▶ **Data excerpts**:
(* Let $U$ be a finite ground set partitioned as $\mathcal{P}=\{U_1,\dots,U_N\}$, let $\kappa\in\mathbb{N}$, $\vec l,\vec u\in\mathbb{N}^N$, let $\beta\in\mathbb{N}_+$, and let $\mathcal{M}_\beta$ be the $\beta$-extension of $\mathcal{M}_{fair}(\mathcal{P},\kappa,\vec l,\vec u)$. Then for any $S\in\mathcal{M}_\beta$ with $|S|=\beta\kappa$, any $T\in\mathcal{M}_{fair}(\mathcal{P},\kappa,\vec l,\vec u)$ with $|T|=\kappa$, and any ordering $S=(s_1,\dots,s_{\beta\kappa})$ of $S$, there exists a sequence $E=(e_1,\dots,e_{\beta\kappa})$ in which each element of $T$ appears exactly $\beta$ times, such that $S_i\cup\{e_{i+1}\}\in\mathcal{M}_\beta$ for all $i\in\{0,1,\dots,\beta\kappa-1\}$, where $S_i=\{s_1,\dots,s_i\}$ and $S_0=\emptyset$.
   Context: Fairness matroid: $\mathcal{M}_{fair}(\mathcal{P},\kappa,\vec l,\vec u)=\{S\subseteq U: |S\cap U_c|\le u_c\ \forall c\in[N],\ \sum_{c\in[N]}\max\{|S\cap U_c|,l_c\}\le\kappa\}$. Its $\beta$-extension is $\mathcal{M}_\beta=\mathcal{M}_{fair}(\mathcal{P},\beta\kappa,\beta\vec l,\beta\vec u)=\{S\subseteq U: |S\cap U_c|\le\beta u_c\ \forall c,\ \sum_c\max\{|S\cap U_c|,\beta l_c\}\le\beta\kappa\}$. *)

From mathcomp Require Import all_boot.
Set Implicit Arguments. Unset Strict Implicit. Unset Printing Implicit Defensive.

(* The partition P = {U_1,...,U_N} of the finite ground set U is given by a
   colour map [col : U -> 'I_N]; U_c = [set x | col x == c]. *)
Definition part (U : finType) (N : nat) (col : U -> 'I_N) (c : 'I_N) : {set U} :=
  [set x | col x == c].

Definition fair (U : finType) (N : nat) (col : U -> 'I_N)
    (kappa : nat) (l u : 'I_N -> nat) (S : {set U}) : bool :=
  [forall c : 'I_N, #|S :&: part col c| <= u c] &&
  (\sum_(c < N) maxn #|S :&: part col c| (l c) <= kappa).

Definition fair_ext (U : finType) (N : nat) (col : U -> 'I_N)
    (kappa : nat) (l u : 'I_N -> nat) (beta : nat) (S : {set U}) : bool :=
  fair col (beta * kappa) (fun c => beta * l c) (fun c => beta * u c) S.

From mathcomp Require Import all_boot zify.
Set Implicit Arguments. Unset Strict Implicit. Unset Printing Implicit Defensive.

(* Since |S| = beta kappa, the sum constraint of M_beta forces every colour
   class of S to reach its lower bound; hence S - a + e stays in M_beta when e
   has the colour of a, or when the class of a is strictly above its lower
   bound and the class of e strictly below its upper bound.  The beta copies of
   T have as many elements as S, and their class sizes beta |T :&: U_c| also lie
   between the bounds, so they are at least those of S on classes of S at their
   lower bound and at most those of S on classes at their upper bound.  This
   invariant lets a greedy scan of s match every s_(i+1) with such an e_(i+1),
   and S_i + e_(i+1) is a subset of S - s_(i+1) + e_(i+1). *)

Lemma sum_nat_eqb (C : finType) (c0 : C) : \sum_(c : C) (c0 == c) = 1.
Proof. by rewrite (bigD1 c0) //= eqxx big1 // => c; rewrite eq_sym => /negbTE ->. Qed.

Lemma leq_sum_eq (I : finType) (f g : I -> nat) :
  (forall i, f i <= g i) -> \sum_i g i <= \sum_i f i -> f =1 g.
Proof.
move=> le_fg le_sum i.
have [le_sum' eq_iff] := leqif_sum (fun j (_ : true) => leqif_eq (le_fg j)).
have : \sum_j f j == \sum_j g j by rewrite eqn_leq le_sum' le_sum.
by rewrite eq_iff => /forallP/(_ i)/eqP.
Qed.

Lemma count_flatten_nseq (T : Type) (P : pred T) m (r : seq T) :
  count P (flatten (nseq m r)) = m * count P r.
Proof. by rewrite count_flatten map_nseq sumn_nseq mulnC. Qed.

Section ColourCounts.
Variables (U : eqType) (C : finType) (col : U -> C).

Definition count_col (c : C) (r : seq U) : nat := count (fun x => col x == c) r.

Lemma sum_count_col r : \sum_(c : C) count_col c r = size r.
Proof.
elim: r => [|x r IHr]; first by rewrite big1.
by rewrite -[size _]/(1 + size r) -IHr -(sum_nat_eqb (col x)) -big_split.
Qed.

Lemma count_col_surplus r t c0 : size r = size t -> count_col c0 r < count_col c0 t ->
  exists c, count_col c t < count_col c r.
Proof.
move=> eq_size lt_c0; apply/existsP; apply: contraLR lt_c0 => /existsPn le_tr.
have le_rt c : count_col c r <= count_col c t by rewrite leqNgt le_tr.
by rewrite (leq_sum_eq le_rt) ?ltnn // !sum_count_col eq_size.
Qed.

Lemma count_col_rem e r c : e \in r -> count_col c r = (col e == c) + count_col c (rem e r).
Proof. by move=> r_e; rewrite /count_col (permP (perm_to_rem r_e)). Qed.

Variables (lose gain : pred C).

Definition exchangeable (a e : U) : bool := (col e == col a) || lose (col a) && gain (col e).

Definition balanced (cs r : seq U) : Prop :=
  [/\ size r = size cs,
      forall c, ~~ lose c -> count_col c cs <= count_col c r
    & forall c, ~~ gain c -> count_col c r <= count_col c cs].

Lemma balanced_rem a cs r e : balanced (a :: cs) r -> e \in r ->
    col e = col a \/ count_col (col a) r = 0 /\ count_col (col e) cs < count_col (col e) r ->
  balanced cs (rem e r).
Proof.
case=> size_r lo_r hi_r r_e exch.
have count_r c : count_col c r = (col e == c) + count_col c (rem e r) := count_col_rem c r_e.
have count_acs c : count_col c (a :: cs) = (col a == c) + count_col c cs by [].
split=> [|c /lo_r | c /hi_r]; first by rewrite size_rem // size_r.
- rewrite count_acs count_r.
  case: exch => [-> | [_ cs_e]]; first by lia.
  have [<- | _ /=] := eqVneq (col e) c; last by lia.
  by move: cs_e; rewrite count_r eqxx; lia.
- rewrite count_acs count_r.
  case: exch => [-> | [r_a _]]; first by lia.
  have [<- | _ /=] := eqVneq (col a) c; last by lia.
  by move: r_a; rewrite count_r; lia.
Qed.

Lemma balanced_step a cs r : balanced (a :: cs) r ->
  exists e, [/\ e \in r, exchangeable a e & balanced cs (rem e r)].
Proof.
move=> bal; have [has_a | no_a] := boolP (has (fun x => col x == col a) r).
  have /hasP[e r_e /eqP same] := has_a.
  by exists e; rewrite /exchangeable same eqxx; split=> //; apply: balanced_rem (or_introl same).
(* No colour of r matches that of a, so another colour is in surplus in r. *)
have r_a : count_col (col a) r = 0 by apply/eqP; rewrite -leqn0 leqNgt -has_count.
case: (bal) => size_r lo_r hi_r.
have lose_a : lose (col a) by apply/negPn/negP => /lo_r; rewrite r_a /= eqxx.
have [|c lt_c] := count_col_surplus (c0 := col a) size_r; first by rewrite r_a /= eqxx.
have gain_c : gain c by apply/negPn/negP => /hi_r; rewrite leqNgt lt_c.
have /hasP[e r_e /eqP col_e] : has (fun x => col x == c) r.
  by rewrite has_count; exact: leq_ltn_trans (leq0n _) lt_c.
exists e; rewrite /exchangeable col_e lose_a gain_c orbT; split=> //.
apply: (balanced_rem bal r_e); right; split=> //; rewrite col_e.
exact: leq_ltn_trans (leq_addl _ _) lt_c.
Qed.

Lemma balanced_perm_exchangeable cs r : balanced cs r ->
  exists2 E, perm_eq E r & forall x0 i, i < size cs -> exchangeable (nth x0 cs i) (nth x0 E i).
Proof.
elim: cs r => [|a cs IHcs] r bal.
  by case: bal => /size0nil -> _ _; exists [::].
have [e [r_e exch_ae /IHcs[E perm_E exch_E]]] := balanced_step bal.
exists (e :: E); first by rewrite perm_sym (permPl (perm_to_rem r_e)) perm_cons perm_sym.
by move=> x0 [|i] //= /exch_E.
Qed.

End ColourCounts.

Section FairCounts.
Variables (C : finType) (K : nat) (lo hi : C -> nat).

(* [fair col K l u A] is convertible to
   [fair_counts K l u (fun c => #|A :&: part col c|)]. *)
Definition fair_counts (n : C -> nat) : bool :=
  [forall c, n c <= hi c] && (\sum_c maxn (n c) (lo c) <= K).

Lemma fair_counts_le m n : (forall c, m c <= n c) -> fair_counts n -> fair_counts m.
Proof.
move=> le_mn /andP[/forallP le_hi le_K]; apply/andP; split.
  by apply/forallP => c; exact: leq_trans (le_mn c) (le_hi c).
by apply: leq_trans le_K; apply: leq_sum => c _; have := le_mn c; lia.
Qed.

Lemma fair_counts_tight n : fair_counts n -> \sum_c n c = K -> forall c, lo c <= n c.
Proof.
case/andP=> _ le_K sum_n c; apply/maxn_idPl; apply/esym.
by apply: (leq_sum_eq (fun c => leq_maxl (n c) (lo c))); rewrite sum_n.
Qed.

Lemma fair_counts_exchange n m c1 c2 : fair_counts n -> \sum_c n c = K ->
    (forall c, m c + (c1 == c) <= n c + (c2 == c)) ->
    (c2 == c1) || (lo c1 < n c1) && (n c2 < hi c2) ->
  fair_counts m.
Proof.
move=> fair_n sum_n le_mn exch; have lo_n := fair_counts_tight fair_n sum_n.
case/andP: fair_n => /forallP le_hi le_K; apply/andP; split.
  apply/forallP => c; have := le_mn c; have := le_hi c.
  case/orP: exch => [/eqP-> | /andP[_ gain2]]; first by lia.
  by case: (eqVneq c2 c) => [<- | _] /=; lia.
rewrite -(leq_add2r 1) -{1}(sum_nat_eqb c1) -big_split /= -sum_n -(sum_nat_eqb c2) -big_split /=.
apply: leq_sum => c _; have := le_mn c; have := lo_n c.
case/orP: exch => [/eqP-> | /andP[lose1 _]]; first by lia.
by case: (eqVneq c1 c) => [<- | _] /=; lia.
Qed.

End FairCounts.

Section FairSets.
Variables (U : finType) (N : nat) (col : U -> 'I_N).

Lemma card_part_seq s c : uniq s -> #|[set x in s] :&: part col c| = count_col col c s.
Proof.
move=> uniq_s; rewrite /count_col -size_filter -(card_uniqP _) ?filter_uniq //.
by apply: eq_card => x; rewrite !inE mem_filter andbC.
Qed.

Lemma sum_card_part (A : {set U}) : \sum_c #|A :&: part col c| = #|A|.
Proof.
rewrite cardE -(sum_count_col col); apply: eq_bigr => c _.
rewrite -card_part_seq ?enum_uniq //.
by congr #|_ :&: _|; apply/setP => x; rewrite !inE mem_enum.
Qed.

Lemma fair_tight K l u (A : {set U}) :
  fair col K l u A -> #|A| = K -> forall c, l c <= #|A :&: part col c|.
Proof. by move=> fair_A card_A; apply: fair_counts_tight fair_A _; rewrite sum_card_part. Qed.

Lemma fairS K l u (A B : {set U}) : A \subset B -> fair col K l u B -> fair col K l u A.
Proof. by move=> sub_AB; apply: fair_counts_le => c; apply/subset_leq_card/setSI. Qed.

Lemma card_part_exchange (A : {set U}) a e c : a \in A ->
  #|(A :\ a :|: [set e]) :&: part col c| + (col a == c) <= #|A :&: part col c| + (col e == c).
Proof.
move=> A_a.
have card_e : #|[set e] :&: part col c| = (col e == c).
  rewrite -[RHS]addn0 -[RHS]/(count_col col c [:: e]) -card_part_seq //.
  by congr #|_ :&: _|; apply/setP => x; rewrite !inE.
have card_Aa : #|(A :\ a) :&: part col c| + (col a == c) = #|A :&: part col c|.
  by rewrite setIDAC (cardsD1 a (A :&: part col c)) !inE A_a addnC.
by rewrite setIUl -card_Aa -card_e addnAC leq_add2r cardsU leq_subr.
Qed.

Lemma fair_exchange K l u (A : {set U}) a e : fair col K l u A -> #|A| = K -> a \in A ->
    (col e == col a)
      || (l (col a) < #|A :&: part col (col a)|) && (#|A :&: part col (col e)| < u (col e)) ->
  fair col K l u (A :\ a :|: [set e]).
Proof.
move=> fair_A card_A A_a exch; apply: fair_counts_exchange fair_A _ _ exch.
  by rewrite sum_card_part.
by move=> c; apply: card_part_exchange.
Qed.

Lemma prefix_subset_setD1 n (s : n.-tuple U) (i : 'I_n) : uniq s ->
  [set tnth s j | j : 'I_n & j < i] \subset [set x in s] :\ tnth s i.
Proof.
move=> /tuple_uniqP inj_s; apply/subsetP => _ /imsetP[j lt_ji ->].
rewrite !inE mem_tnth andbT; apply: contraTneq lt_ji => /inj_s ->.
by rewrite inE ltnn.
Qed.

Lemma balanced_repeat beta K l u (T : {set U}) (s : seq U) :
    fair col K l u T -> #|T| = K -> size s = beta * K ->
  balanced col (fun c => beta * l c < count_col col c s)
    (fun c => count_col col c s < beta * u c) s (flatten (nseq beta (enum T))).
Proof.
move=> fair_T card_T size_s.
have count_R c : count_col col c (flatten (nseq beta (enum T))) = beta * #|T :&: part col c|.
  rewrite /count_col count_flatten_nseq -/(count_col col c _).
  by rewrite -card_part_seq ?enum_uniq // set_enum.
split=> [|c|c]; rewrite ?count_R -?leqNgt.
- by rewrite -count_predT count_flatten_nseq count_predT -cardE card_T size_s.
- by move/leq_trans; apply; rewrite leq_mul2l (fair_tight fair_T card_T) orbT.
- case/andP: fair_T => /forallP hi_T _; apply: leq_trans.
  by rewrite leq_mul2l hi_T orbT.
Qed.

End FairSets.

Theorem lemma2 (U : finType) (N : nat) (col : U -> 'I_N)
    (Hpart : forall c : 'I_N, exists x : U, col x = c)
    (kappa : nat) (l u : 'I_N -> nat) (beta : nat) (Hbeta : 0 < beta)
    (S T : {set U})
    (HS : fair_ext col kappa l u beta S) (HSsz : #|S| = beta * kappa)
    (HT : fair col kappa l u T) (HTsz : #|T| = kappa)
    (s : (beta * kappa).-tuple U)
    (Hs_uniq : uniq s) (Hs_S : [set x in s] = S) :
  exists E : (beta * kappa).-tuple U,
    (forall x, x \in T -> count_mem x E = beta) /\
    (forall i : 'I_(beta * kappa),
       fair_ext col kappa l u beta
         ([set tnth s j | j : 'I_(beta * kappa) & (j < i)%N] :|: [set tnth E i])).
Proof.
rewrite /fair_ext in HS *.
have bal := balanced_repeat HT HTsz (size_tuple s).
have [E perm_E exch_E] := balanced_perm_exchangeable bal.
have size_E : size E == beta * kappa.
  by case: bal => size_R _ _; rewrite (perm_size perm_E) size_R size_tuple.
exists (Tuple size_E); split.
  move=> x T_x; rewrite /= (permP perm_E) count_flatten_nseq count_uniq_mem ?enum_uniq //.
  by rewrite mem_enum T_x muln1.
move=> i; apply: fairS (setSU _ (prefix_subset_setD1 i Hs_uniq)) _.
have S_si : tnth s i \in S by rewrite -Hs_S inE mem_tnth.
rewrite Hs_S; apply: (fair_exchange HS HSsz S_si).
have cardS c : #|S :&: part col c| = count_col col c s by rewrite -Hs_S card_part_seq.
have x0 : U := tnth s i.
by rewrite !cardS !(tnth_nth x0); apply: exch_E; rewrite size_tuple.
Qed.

▶ **Exercise goal**: When the line with "lower bound and" is reached in the data above, begin copying, and stop after the line with "and S_i + e_(i+1)"; copy each line exactly, both ends included.

▶ **Reply**:
   lower bound and at most those of S on classes at their upper bound.  This
   invariant lets a greedy scan of s match every s_(i+1) with such an e_(i+1),
   and S_i + e_(i+1) is a subset of S - s_(i+1) + e_(i+1). *)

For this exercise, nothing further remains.